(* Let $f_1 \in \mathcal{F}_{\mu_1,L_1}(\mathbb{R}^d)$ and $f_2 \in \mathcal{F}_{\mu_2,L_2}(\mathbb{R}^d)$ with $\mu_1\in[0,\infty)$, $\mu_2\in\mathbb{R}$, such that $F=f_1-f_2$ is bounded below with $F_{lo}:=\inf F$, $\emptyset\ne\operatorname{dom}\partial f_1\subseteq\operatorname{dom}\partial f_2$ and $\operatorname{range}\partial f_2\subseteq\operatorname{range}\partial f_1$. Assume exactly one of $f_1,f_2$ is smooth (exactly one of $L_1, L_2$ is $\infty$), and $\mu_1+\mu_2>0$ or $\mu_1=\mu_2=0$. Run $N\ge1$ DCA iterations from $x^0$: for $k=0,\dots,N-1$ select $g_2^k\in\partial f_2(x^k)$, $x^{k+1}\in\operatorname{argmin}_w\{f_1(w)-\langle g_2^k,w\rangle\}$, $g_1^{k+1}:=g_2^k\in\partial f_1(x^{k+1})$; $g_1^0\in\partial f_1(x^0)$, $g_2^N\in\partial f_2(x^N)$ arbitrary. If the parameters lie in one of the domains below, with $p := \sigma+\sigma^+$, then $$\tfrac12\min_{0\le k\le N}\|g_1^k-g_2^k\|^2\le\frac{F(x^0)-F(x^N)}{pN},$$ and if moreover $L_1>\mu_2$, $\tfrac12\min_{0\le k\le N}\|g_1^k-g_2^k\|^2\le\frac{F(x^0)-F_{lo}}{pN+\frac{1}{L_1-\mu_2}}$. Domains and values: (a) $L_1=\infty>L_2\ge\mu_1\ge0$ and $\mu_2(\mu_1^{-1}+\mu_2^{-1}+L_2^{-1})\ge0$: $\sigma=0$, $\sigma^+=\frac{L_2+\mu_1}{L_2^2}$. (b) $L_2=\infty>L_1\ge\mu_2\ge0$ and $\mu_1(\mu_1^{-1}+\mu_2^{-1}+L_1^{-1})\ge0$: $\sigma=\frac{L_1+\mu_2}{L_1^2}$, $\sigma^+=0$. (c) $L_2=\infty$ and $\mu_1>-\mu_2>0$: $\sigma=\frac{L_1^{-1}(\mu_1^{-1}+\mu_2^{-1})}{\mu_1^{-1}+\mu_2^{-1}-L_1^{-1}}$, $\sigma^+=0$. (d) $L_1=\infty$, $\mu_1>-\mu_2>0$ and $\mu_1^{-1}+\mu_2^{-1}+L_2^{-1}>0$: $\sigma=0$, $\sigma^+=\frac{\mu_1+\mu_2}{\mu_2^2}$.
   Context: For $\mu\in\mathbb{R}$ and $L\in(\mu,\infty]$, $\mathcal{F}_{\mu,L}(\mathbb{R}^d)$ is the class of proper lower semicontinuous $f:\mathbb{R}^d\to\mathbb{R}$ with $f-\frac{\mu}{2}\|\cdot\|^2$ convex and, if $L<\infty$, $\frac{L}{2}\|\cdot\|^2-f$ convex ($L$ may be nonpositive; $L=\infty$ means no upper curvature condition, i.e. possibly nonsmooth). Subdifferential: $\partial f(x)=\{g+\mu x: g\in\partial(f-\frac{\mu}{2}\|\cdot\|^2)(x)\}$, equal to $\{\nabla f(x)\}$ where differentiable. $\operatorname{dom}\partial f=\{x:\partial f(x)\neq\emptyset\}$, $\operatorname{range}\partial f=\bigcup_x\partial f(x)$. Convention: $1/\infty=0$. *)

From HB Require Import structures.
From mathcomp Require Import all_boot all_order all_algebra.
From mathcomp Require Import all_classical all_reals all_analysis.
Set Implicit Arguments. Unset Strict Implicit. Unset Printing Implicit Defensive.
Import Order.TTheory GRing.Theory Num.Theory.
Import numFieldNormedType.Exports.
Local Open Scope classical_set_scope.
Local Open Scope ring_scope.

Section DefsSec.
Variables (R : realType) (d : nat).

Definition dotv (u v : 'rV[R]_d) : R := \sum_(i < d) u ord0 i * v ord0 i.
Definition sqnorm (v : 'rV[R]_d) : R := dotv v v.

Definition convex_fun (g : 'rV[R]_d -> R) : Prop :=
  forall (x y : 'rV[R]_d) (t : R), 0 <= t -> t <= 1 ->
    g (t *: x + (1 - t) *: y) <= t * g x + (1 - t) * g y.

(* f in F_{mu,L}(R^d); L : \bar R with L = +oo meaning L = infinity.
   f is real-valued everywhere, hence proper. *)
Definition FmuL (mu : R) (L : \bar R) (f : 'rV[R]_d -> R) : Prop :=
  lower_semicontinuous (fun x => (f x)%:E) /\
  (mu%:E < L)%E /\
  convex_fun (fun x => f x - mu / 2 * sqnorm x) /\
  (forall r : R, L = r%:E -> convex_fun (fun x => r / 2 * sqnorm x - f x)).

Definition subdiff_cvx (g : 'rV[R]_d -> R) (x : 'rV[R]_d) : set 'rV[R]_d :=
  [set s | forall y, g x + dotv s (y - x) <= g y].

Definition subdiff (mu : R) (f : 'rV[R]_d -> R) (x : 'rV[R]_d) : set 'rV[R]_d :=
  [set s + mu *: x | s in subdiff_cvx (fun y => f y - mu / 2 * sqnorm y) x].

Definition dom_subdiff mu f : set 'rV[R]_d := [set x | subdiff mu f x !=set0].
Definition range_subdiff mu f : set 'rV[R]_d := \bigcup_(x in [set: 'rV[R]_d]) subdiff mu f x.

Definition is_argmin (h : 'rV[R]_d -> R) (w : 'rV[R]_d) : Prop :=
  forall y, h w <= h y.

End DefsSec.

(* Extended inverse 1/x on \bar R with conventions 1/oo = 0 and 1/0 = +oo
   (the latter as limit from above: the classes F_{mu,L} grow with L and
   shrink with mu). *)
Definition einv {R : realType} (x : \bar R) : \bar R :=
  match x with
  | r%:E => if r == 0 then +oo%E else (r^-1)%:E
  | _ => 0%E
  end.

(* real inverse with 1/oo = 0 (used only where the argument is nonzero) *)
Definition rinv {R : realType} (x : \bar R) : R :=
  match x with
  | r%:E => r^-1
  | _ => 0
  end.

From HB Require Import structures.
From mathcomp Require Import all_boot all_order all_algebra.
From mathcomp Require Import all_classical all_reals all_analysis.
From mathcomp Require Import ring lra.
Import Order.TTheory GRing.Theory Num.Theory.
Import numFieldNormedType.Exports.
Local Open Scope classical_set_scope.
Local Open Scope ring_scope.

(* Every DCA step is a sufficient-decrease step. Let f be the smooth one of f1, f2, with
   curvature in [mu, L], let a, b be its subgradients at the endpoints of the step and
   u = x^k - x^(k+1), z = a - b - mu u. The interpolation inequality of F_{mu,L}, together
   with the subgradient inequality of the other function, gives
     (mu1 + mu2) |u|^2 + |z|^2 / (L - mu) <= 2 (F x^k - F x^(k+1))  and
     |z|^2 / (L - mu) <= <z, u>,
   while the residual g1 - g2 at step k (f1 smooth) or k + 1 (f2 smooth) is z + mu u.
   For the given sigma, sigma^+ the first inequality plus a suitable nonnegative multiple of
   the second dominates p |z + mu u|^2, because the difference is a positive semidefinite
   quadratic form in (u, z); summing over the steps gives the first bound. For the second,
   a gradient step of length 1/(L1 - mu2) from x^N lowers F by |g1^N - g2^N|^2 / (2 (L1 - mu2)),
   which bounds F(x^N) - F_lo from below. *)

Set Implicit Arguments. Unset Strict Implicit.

————

- What to produce
Working from the records above, find how many lines contain the string "gives" and answer with the bare number.

- Written answer
2